Look through the material below and copy exactly the lines from the line with "set A := \sum_(i" to the line with "have Bp : 0 < B by rewrite lt0r Bn0.", those two lines included.

START The data

Lemma cauchy_schwarz_sum n (a b : 'I_n -> R) :
  (\sum_(i < n) a i * b i) ^+ 2 <= (\sum_(i < n) a i ^+ 2) * (\sum_(i < n) b i ^+ 2).
Proof.
set A := \sum_(i < n) a i ^+ 2; set B := \sum_(i < n) b i ^+ 2.
set C := \sum_(i < n) a i * b i.
have B0 : 0 <= B by rewrite sumr_ge0 // => i _; rewrite sqr_ge0.
have [B_eq0|Bn0] := eqVneq B 0.
  have b0 := sumr_sqr_eq0 B_eq0.
  by rewrite B_eq0 /C big1 ?expr0n ?mulr0 // => i _; rewrite b0 mulr0.
have Bp : 0 < B by rewrite lt0r Bn0.
have : 0 <= \sum_(i < n) (B * a i - C * b i) ^+ 2 by rewrite sumr_ge0 // => i _; rewrite sqr_ge0.
have -> : \sum_(i < n) (B * a i - C * b i) ^+ 2 = B * (A * B - C ^+ 2).
  rewrite (eq_bigr (fun i => B ^+ 2 * a i ^+ 2 - (2 * B * C) * (a i * b i)
    + C ^+ 2 * b i ^+ 2)) => [|i _]; last by ring.
  by rewrite big_split big_split /= sumrN -!mulr_sumr -/A -/B -/C; ring.
by rewrite pmulr_rge0 // subr_ge0.
Qed.

Lemma sum_spatial_sqr n (u : 'rV[R]_n.+1) :
  \sum_(i < n) u 0 (lift ord0 i) ^+ 2 = minkowski u u + u 0 ord0 ^+ 2.
Proof. by rewrite /minkowski (eq_bigr _ (fun i _ => expr2 _)) expr2; ring. Qed.

Lemma minkowski_le_neg1 n (u v : 'rV[R]_n.+1) : ptH u -> ptH v -> minkowski u v <= -1.
Proof.
move=> [uu u0] [vv v0].
have := cauchy_schwarz_sum (fun i => u 0 (lift ord0 i)) (fun i => v 0 (lift ord0 i)).
rewrite !sum_spatial_sqr uu vv.
have := sum_spatial_sqr u; have := sum_spatial_sqr v; rewrite uu vv.
have Su0 : 0 <= \sum_(i < n) u 0 (lift ord0 i) ^+ 2 by rewrite sumr_ge0 // => i _; rewrite sqr_ge0.
have Sv0 : 0 <= \sum_(i < n) v 0 (lift ord0 i) ^+ 2 by rewrite sumr_ge0 // => i _; rewrite sqr_ge0.
rewrite /minkowski; set P := \sum_(i < n) _ * _ => Sv Su cs.
have u1 : 1 <= u 0 ord0 by nra.
have v1 : 1 <= v 0 ord0 by nra.
have P2 : P ^+ 2 <= (u 0 ord0 * v 0 ord0 - 1) ^+ 2.
  apply: le_trans cs _; have := sqr_ge0 (u 0 ord0 - v 0 ord0); nra.
have : P <= u 0 ord0 * v 0 ord0 - 1 by apply: le_of_sqr_le P2; nra.
lra.
Qed.

Lemma minkowski_orth_eq0 n (v w : 'rV[R]_n.+1) :
  minkowski w w = -1 -> minkowski v w = 0 -> minkowski v v = 0 -> v = 0.
Proof.
move=> ww vw vv.
have := cauchy_schwarz_sum (fun i => v 0 (lift ord0 i)) (fun i => w 0 (lift ord0 i)).
rewrite !sum_spatial_sqr ww vv add0r.
have -> : \sum_(i < n) v 0 (lift ord0 i) * w 0 (lift ord0 i) = v 0 ord0 * w 0 ord0.
  by move: vw; rewrite /minkowski; lra.
move=> cs; have v0 : v 0 ord0 = 0.
  by apply/eqP; rewrite -sqrf_eq0 eq_le sqr_ge0 andbT; nra.
have := sum_spatial_sqr v; rewrite vv v0 expr0n addr0 => /sumr_sqr_eq0 vs0.
by apply/rowP => i; rewrite mxE; case: (unliftP ord0 i) => [j ->|->].
Qed.

End ConcreteForms.

(** * Shortest segments *)

Lemma interior_step (R : realType) (t0 L e : R) : 0 < t0 < L -> 0 < e ->
  exists2 s, 0 < s < e & 0 <= t0 - s /\ t0 + s <= L.
Proof.
move=> /andP[t00 t0L] e0; set m := Num.min e (Num.min t0 (L - t0)).
have m0 : 0 < m by rewrite !lt_min e0 t00 subr_gt0.
have me : m <= e by rewrite ge_min lexx.
have mt : m <= t0 by rewrite !ge_min lexx orbT.
have mL : m <= L - t0 by rewrite !ge_min lexx !orbT.
by exists (m / 2); [apply/andP; split | split]; lra.
Qed.

Section Segment.
Variables (R : realType) (T : Type) (P : T -> Prop) (dist : T -> T -> R).
Variables (p q : T) (g : R -> T).
Hypothesis seg : shortest_segment P dist p q g.
Local Notation L := (dist p q).

Lemma segment_dist_start t : 0 <= t <= L -> dist p (g t) = t.
Proof.
move=> /andP[t0 tL]; have [g0 [_ [_ iso]]] := seg.
by rewrite -{1}g0 iso ?lexx ?t0 ?(le_trans t0 tL) // sub0r normrN ger0_norm.
Qed.

Lemma segment_dist_end t : 0 <= t <= L -> dist q (g t) = L - t.
Proof.
move=> /andP[t0 tL]; have [_ [gL [_ iso]]] := seg.
by rewrite -{1}gL iso ?lexx ?t0 ?(le_trans t0 tL) // ger0_norm // subr_ge0.
Qed.

Variables (x y : T).
Hypothesis closest : closest_on_segment dist p q g x y.
Hypothesis distC : forall u v, dist u v = dist v u.
Hypothesis dist_xy_ge0 : 0 <= dist x y.
Hypothesis dist_xy_eq0 : dist x y = 0 -> x = y.

(* If [x = y] the detour is trivial; otherwise the hypothesis on [|xy|] forces
   [y] into the interior of the segment. *)
Lemma segment_detour_le (eps k : R) : 0 <= eps -> 1 <= k ->
  (forall t0, 0 < t0 < L -> y = g t0 ->
     (forall t, 0 <= t <= L -> dist x y <= dist x (g t)) ->
     dist x y ^+ 2 <= eps * t0 ^+ 2 -> dist x y ^+ 2 <= eps * (L - t0) ^+ 2 ->
     dist p x + dist x q <= k * L) ->
  dist x y <= Num.sqrt eps * Num.min (dist p y) (dist q y) ->
  dist p x + dist x q <= k * L.
Proof.
move=> e0 k1 interior; have [t0 [t0I [yE ymin]]] := closest.
have /andP[t00 t0L] := t0I.
rewrite yE segment_dist_start // segment_dist_end // -yE => h_min.
have se0 := sqrtr_ge0 eps.
have ht0 : dist x y <= Num.sqrt eps * t0.
  by apply: le_trans h_min _; rewrite ler_wpM2l // ge_min lexx.
have hLt0 : dist x y <= Num.sqrt eps * (L - t0).
  by apply: le_trans h_min _; rewrite ler_wpM2l // ge_min lexx orbT.
have L0 : 0 <= L := le_trans t00 t0L.
have [/dist_xy_eq0 xy|hn0] := eqVneq (dist x y) 0.
  rewrite xy yE segment_dist_start // distC segment_dist_end // addrC subrK.
  by rewrite ler_peMl.
have pos a : 0 <= a -> dist x y <= Num.sqrt eps * a -> 0 < a.
  rewrite le_eqVlt => /orP[/eqP <-|//]; rewrite mulr0 => h0.
  by move: hn0; rewrite eq_le h0 dist_xy_ge0.
apply: (interior t0) => //.
- rewrite (pos _ t00 ht0) -subr_gt0 /=.
  by apply: pos hLt0; rewrite subr_ge0.
- exact: sqr_le_of_le_sqrtM.
- by apply: sqr_le_of_le_sqrtM; rewrite // subr_ge0.
Qed.

End Segment.

(** * Euclidean space *)

Section Euclidean.
Variables (R : realType) (d : nat).
Implicit Types u v x : 'rV[R]_d.

Local Notation dotEDl := (@dotEDl R d).
Local Notation dotEC := (@dotEC R d).

Lemma distE_ge0 u v : 0 <= distE u v.
Proof. exact: sqrtr_ge0. Qed.

Lemma distE_sqr u v : distE u v ^+ 2 = dotE (u - v) (u - v).
Proof. by rewrite sqr_sqrtr // dotE_ge0. Qed.

Lemma distEC u v : distE u v = distE v u.
Proof.
by rewrite /distE /dotE -opprB; congr Num.sqrt; apply: eq_bigr => i _; rewrite !mxE mulrNN.
Qed.

Lemma distE_eq0 u v : distE u v = 0 -> u = v.
Proof. by move=> uv; apply/subr0_eq/dotE_eq0; rewrite -distE_sqr uv expr0n. Qed.

Variables (p q : 'rV[R]_d) (g : R -> 'rV[R]_d).
Hypothesis seg : shortest_segment (@ptE R d) (@distE R d) p q g.
Local Notation L := (distE p q).

Lemma segmentE_affine t : 0 < L -> 0 <= t <= L -> g t = p + (t / L) *: (q - p).
Proof.
move=> L0 tI; have [g0 [gL _]] := seg.
suff : L *: (g t - p) = t *: (q - p).
  move=> /(congr1 (fun v => L^-1 *: v)); rewrite !scalerA mulVf ?gt_eqF // scale1r.
  by move=> E; rewrite [t / L]mulrC -E addrC subrK.
apply/subr0_eq/dotE_eq0; rewrite (form_comb2 dotEDl dotEC).
have tp : dotE (g t - p) (g t - p) = t ^+ 2.
  by rewrite -distE_sqr distEC (segment_dist_start seg).
have qp : dotE (q - p) (q - p) = L ^+ 2 by rewrite -distE_sqr distEC.
have tq : dotE (g t - q) (g t - q) = (L - t) ^+ 2.
  by rewrite -distE_sqr distEC (segment_dist_end seg).
have : g t - q = (g t - p) - (q - p) by rewrite opprB addrA subrK.
move=> gq; rewrite gq (formBB dotEDl dotEC) tp qp in tq.
have -> : dotE (g t - p) (q - p) = t * L by lra.
by rewrite tp qp; ring.
Qed.

Lemma distE_segment_sqr x t : 0 < L -> 0 <= t <= L ->
  distE x (g t) ^+ 2 = distE x p ^+ 2 - 2 * t * (dotE (x - p) (q - p) / L) + t ^+ 2.
Proof.
move=> L0 tI; rewrite distE_sqr.
have -> : x - g t = 1 *: (x - p) - (t / L) *: (q - p).
  by rewrite segmentE_affine // scale1r opprD addrA.
rewrite (form_comb2 dotEDl dotEC) -!distE_sqr [distE q p]distEC.
by field; rewrite gt_eqF.
Qed.

Lemma euclidean_pythagoras x t0 : 0 < t0 < L ->
  (forall t, 0 <= t <= L -> distE x (g t0) <= distE x (g t)) ->
  distE p x ^+ 2 = t0 ^+ 2 + distE x (g t0) ^+ 2 /\
  distE x q ^+ 2 = (L - t0) ^+ 2 + distE x (g t0) ^+ 2.
Proof.
move=> t0I ymin; have /andP[t00 t0L] := t0I; have L0 := lt_trans t00 t0L.
have [_ [gL _]] := seg.
set c := dotE (x - p) (q - p) / L.
have phi t : 0 <= t <= L -> distE x (g t) ^+ 2 = distE x p ^+ 2 - 2 * t * c + t ^+ 2.
  exact: distE_segment_sqr.
have t0I' : 0 <= t0 <= L by rewrite !ltW.
have step s : 0 <= t0 + s <= L -> s * (c - t0) <= 1 / 2 * s ^+ 2.
  move=> sI; have := ymin _ sI.
  rewrite -(ler_pXn2r (n := 2)) ?nnegrE ?distE_ge0 // !phi //; lra.
have ct : c = t0.
  apply/subr0_eq/(eq0_of_mul_le_sqr (K := 1 / 2)) => [e e0|e e0];
    have [s /andP[s0 se] [ts tsL]] := interior_step t0I e0.
  - by exists s; [rewrite s0 | apply: step; apply/andP; split; lra].
  - by exists (- s); [rewrite ltrN2 se oppr_lt0 s0 | apply: step; apply/andP; split; lra].
split; first by rewrite distEC phi // ct; ring.
by rewrite -{1}gL !phi ?lexx ?ltW // ct; ring.
Qed.

Lemma euclidean_detour_le x y eps :
  closest_on_segment (@distE R d) p q g x y -> 0 <= eps ->
  distE x y <= Num.sqrt eps * Num.min (distE p y) (distE q y) ->
  distE p x + distE x q <= (1 + eps) * L.
Proof.
move=> cl e0; apply: (segment_detour_le seg cl) => //.
- exact: distEC.
- exact: distE_ge0.
- exact: distE_eq0.
- by rewrite lerDl.
move=> t0 t0I -> ymin ht0 hLt0; have [px xq] := euclidean_pythagoras t0I ymin.
have /andP[t00 t0L] := t0I.
have := hypotenuseE_le (ltW t00) e0 ht0 px.
have := hypotenuseE_le _ e0 hLt0 xq; rewrite subr_ge0 ltW // => /(_ isT).
lra.
Qed.

End Euclidean.

(** * The sphere *)

Lemma sphere_first_order (R : realType) (A t0 L : R) (f : R -> R) :
  0 < t0 < L -> L <= pi -> A <= 1 ->
  (forall t, 0 <= t <= L -> f t <= A) ->
  (forall t, 0 <= t <= L -> sin t0 * f t = sin t * A - sin (t - t0) * f 0) ->
  forall t, 0 <= t <= L -> f t = cos (t - t0) * A.
Proof.
move=> t0I Lpi A1 fA rel; have /andP[t00 t0L] := t0I.
have pi0 := pi_gt0 R; have pi2 := pihalf_ge1 R.
have st0 : 0 < sin t0 by apply: sin_gt0_pi; rewrite t00; lra.
have st1 := sin_le1 t0.
set D := cos t0 * A - f 0.
(* [sin t0 * f (t0 + s) = sin t0 * cos s * A + sin s * D], and [f] is maximal at [t0]. *)
have step s : 0 <= t0 + s <= L -> -1 <= s <= 1 -> sin s * D <= 1 * sin s ^+ 2.
  move=> sI /andP[s1 s2]; have := rel _ sI; have := fA _ sI.
  rewrite (addrC t0) addrK sinD => fs E.
  have cs0 : 0 <= cos s by apply: cos_ge0_pihalf; apply/andP; split; lra.
  have cs1 := cos_le1 s.
  have -> : sin s * D = sin t0 * (f (s + t0) - cos s * A) by rewrite /D; lra.
  have : sin t0 * A <= 1 by nra.
  rewrite mul1r sin2cos2; nra.
have small e : 0 < e -> exists2 s, 0 < sin s < e & [/\ 0 < s, s <= 1, 0 <= t0 - s & t0 + s <= L].
  move=> e0; have e10 : 0 < Num.min e 1 by rewrite lt_min e0 ltr01.
  have [s /andP[s0 se] [ts tsL]] := interior_step t0I e10.
  move: se; rewrite lt_min => /andP[se s1].
  have ss : 0 < sin s by apply: sin_gt0_pihalf; apply/andP; split; lra.
  exists s; last by split => //; exact: ltW.
  by rewrite ss /=; have := sin_le_id (ltW s0); lra.
have D0 : D = 0.
  apply: (eq0_of_mul_le_sqr (K := 1)) => e /small [s /andP[ss se] [s0 s1 ts tsL]].
  - by exists (sin s); [rewrite ss | apply: step; apply/andP; split; lra].
  - exists (sin (- s)); rewrite sinN; first by apply/andP; split; lra.
    by rewrite -sinN; apply: step; apply/andP; split; lra.
move=> t tI; apply: (@mulfI _ (sin t0)); first by rewrite gt_eqF.
rewrite rel //.
have -> : f 0 = cos t0 * A by move: D0; rewrite /D; lra.
by rewrite -{1}(subrK t0 t) sinD; ring.
Qed.

Lemma sin_comb3_eq0 (R : realType) (a b : R) :
  sin (a + b) ^+ 2 + sin b ^+ 2 + sin a ^+ 2 - 2 * sin (a + b) * sin b * cos a
  - 2 * sin (a + b) * sin a * cos b + 2 * sin b * sin a * cos (a + b) = 0.
Proof.
rewrite sinD cosD; have := cos2Dsin2 a; have := cos2Dsin2 b.
set Sa := sin a; set Ca := cos a; set Sb := sin b; set Cb := cos b => Eb Ea.
have -> : (Sa * Cb + Ca * Sb) ^+ 2 + Sb ^+ 2 + Sa ^+ 2 - 2 * (Sa * Cb + Ca * Sb) * Sb * Ca
  - 2 * (Sa * Cb + Ca * Sb) * Sa * Cb + 2 * Sb * Sa * (Ca * Cb - Sa * Sb) =
  Sa ^+ 2 * (1 - (Cb ^+ 2 + Sb ^+ 2)) + Sb ^+ 2 * (1 - (Ca ^+ 2 + Sa ^+ 2)) by ring.
by rewrite Ea Eb subrr !mulr0 addr0.
Qed.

END The data

* **Reply**:
set A := \sum_(i < n) a i ^+ 2; set B := \sum_(i < n) b i ^+ 2.
set C := \sum_(i < n) a i * b i.
have B0 : 0 <= B by rewrite sumr_ge0 // => i _; rewrite sqr_ge0.
have [B_eq0|Bn0] := eqVneq B 0.
  have b0 := sumr_sqr_eq0 B_eq0.
  by rewrite B_eq0 /C big1 ?expr0n ?mulr0 // => i _; rewrite b0 mulr0.
have Bp : 0 < B by rewrite lt0r Bn0.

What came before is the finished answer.